I tried to switch to graphene for similar reasons to you. It just wasn’t viable, as you’re discovering.
And if you want to even attempt to have a modern smartphone experience, you’re logging into Google account, which is an “out of the frying pan, into the fire” move.
For now, Apple is still the best in a bad situation, and at least for now they aren't primarily an ad company.
I am glad about the Graphene+Motorola partnership though, it always felt ironic to me to have to give Google money to completely escape Google.
Why do you assume every "developer and tech nerd" cares about the things you do, or should? This is like the stereotypical buffoonish sysadmin who scoffs at people who don't mod their machines or configure every last bit of their OS by hand.
I expect tech nerds to be aware that the conflict of interests exists in this case, while the average person would not.
There's no right answer, everything is a shade of gray. Your strongest ethics aren't necessarily your neighbors'.
This, I suspect is a large part of it. At least for me, as a self described "tech nerd" who have been messing with computers since my childhood in the 90s.

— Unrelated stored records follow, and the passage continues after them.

(** * A priori bounds *)

Lemma weighted_energy_nonincreasing (f g df dg : R -> R) Q a b :
  (forall r, a < r < b ->
     derivable_pt_lim f r (df r) /\ derivable_pt_lim g r (dg r) /\
     2 * f r * df r + (f r ^ 2 + Q) * dg r <= 0) ->
  forall x y, a < x -> x <= y -> y < b -> (f y ^ 2 + Q) * exp (g y) <= (f x ^ 2 + Q) * exp (g x).
Proof.
  intros H.
  apply nonincreasing_of_derive_nonpos
    with (df := fun r => (2 * f r * df r + (f r ^ 2 + Q) * dg r) * exp (g r)).
  intros r Hr. destruct (H r Hr) as (Hf & Hg & Hsign). split.
  - apply is_derive_Reals in Hf, Hg. apply is_derive_Reals.
    auto_derive.
    + split; [exists (df r); exact Hf | split; [exists (dg r); exact Hg | exact I]].
    + assert (Ef : Derive (fun x : R => f x) r = df r) by (apply is_derive_unique, Hf).
      assert (Eg : Derive (fun x : R => g x) r = dg r) by (apply is_derive_unique, Hg).
      rewrite Ef, Eg. ring.
  - pose proof (exp_pos (g r)). nra.
Qed.

Lemma sq_le_of_weighted_energy v Q g c E :
  0 <= Q -> (v ^ 2 + Q) * exp g <= c -> exp (- g) <= E -> v ^ 2 <= c * E.
Proof.
  intros HQ Hc HE.
  assert (Hinv : exp g * exp (- g) = 1) by (rewrite <- exp_plus, Rplus_opp_r; apply exp_0).
  pose proof (exp_pos g). pose proof (exp_pos (- g)). pose proof (pow2_ge_0 v).
  apply Rle_trans with ((v ^ 2 + Q) * exp g * exp (- g)); [rewrite Rmult_assoc, Hinv; lra|].
  apply Rle_trans with (c * exp (- g)); [apply Rmult_le_compat_r; lra|].
  apply Rmult_le_compat_l; nra.
Qed.
(* Distinctness comes for free: the midpoint of a point with itself has [G > 1]. *)
Lemma Mset_list4 {V : Type} (mid : V -> V -> V) (G : V -> R) (P1 P2 P3 P4 : V) :
  (forall P, mid P P = P) -> (forall P Q, mid P Q = mid Q P) ->
  1 < G P1 -> 1 < G P2 -> 1 < G P3 -> 1 < G P4 ->
  G (mid P1 P2) = 1 -> G (mid P1 P3) = 1 -> G (mid P1 P4) = 1 ->
  G (mid P2 P3) = 1 -> G (mid P2 P4) = 1 -> G (mid P3 P4) = 1 ->
  Mset_list mid G (P1 :: P2 :: P3 :: P4 :: nil).
Proof.
  intros Hdiag Hcomm G1 G2 G3 G4 M12 M13 M14 M23 M24 M34.
  split; [|split].
  - repeat constructor; simpl; intros H; repeat destruct H as [H|H];
      try contradiction; subst; rewrite Hdiag in *; lra.
  - intros P HP. simpl in HP. repeat destruct HP as [<-|HP]; tauto.
  - intros P Q HP HQ HPQ. simpl in HP, HQ.
    repeat destruct HP as [<-|HP]; repeat destruct HQ as [<-|HQ]; try tauto;
      rewrite ?(Hcomm P2 P1), ?(Hcomm P3 P1), ?(Hcomm P4 P1),
              ?(Hcomm P3 P2), ?(Hcomm P4 P2), ?(Hcomm P4 P3); assumption.
Qed.

Lemma Mset_list_map {U V : Type} (midU : U -> U -> U) (midV : V -> V -> V)
    (f : U -> V) (G : V -> R) (l : list U) :
  Injective f -> (forall P Q, f (midU P Q) = midV (f P) (f Q)) ->
  Mset_list midU (fun P => G (f P)) l -> Mset_list midV G (map f l).
Proof.
  intros Hinj Hmid (Hnd & Hpts & Hmids). split; [|split].
  - apply Injective_map_NoDup; assumption.
  - intros v Hv. apply in_map_iff in Hv as (P & <- & HP). auto.
  - intros v w Hv Hw Hvw.
    apply in_map_iff in Hv as (P & <- & HP). apply in_map_iff in Hw as (Q & <- & HQ).
    rewrite <- Hmid. apply Hmids; auto. intros ->. auto.
Qed.
(* Let $H$ be a punctured torus with a fixed orientation, $q\in\partial H$, and let $\rho:\pi_1(H,q)\to\mathrm{PSL}_2\mathbb{R}$ be a virtually abelian representation with $\mathrm{Tr}\,\rho([\alpha,\beta])>2$ for a free basis $(\alpha,\beta)$ of $\pi_1(H,q)$. Then $\rho$ is $\varepsilon$-bad for every $\varepsilon>0$.
   Context: A representation is virtually abelian if its image contains an abelian subgroup of finite index. For $g,h\in\mathrm{PSL}_2\mathbb{R}$ and $p\in\mathbb{H}^2$, $\mathcal{P}(g,h;p)$ is the (possibly degenerate) hyperbolic pentagon given by the closed geodesic polygon $p\to[g^{-1},h^{-1}](p)\to h(p)\to gh(p)\to h^{-1}gh(p)\to p$. For $\varepsilon>0$, $\rho$ is $\varepsilon$-good for the given orientation of $H$ if there are a free basis $(\alpha',\beta')$ of $\pi_1(H,q)$ with the same orientation as $(\alpha,\beta)$ and a point $p\in\mathbb{H}^2$ at distance less than $\varepsilon$ from the axis of the hyperbolic element $\rho([\alpha',\beta'])$ such that $\mathcal{P}(\rho(\alpha'),\rho(\beta');p)$ is non-degenerate, bounds an embedded disc, and has the specified orientation; otherwise $\rho$ is $\varepsilon$-bad. *)

From Stdlib Require Import Reals Lra ZArith List.
Import ListNotations.
Open Scope R_scope.

(** * 2x2 real matrices; PSL_2(R) is handled through SL_2(R) lifts, all
      predicates below being invariant under M |-> -M. *)
Record mat2 := M2 { ma : R; mb : R; mc : R; md : R }.

Definition mmul (M N : mat2) : mat2 :=
  M2 (ma M * ma N + mb M * mc N) (ma M * mb N + mb M * md N)
     (mc M * ma N + md M * mc N) (mc M * mb N + md M * md N).
Definition mid : mat2 := M2 1 0 0 1.
Definition mneg (M : mat2) : mat2 := M2 (- ma M) (- mb M) (- mc M) (- md M).
(* inverse of a determinant-one matrix *)
Definition minv (M : mat2) : mat2 := M2 (md M) (- mb M) (- mc M) (ma M).
Definition mdet (M : mat2) : R := ma M * md M - mb M * mc M.
Definition mtr (M : mat2) : R := ma M + md M.
(* The network Psi has a single hidden layer whose i-th neuron computes
   a(x + b_i); the output layer forms c_0 + sum_i c_i a(x + b_i).  When
   c_1, ..., c_gamma solve the Vandermonde system
   sum_i c_i b_i^k = [k = gamma - 1] / gamma  (k < gamma),
   the binomial expansion of sum_i c_i (x + b_i)^gamma collapses to
   x + sum_i c_i b_i^gamma, and the equation for k = gamma fixes
   c_0 = - sum_i c_i b_i^gamma to cancel the constant term. *)

Set Implicit Arguments.
Unset Strict Implicit.

Section MomentSystem.
Variable R : realType.

Definition moment_system (n : nat) (b c d : nat -> R) : Prop :=
  forall k, (k <= n)%N ->
    (k == n)%:R * c 0%N + \sum_(1 <= i < n.+1) c i * b i ^+ k = d k.

Definition nodes (n : nat) (b : nat -> R) : 'rV[R]_n := \row_(j < n) b j.+1.

Lemma moment_sum_ord (n k : nat) (b c : nat -> R) :
  \sum_(1 <= i < n.+1) c i * b i ^+ k = \sum_(j < n) c j.+1 * b j.+1 ^+ k.
Proof. by rewrite big_add1 big_mkord. Qed.

Lemma moment_systemE n (b c d : nat -> R) :
  moment_system n b c d <->
  Vandermonde n (nodes n b) *m \col_(j < n) c j.+1 = \col_(k < n) d k /\
  c 0%N = d n - \sum_(j < n) c j.+1 * b j.+1 ^+ n.
Proof.
have rowE (k : 'I_n) :
    (Vandermonde n (nodes n b) *m \col_(j < n) c j.+1) k ord0
    = \sum_(j < n) c j.+1 * b j.+1 ^+ k.
  by rewrite mxE; apply: eq_bigr => j _; rewrite !mxE mulrC.
split=> [sys | [/matrixP V c0] k].
  split; last by rewrite -(sys n) // eqxx mul1r moment_sum_ord addrK.
  apply/matrixP=> k j; rewrite ord1 rowE mxE -(sys k (ltnW (ltn_ord k))).
  by rewrite ltn_eqF // mul0r add0r moment_sum_ord.
rewrite leq_eqVlt => /predU1P[-> | lt_kn].
  by rewrite eqxx mul1r c0 moment_sum_ord subrK.
have := V (Ordinal lt_kn) ord0; rewrite rowE mxE /= => <-.
by rewrite ltn_eqF // mul0r add0r moment_sum_ord.
Qed.

Lemma Vandermonde_unitmx n (b : nat -> R) :
  (forall i j, (1 <= i)%N -> (i < j)%N -> (j <= n)%N -> b i != b j) ->
  Vandermonde n (nodes n b) \in unitmx.
Proof.
move=> hb; rewrite unitmxE det_Vandermonde unitfE.
apply/prodf_neq0 => i _; apply/prodf_neq0 => j lt_ij.
by rewrite !mxE subr_eq0 eq_sym hb.
Qed.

The other aspect is that I don't do anything serious from my phone. I'm still "old school" I guess and prefer a keyboard + mouse. My laptop is my main computing device, not my phone. And for that, Apple currently offers the best of a bad situation. It's still advantageous to them from a marketing standpoint to offer privacy, and they aren't primarily an advertising company. They are the only one of the two that offer E2EE (Advanced Data Protection) for photos, all the processing for that is done on device, etc. When meta threw their huge fit over the app tracking transparency, but were silent on anything Google was doing with Android, that just sold Apple even more for me.
I'v made a choice to accept the tradeoff of them being an application gate keeper because for anything "serious" I'd just be using my computer anyway, which still allows me to install and run whatever I want, and do whatever I want with the hardware. I don't need that from a phone. Quite the opposite, I don't want that on a phone, I'm totally fine with the phone just being an appliance, and Apple offers the best appliance experience still.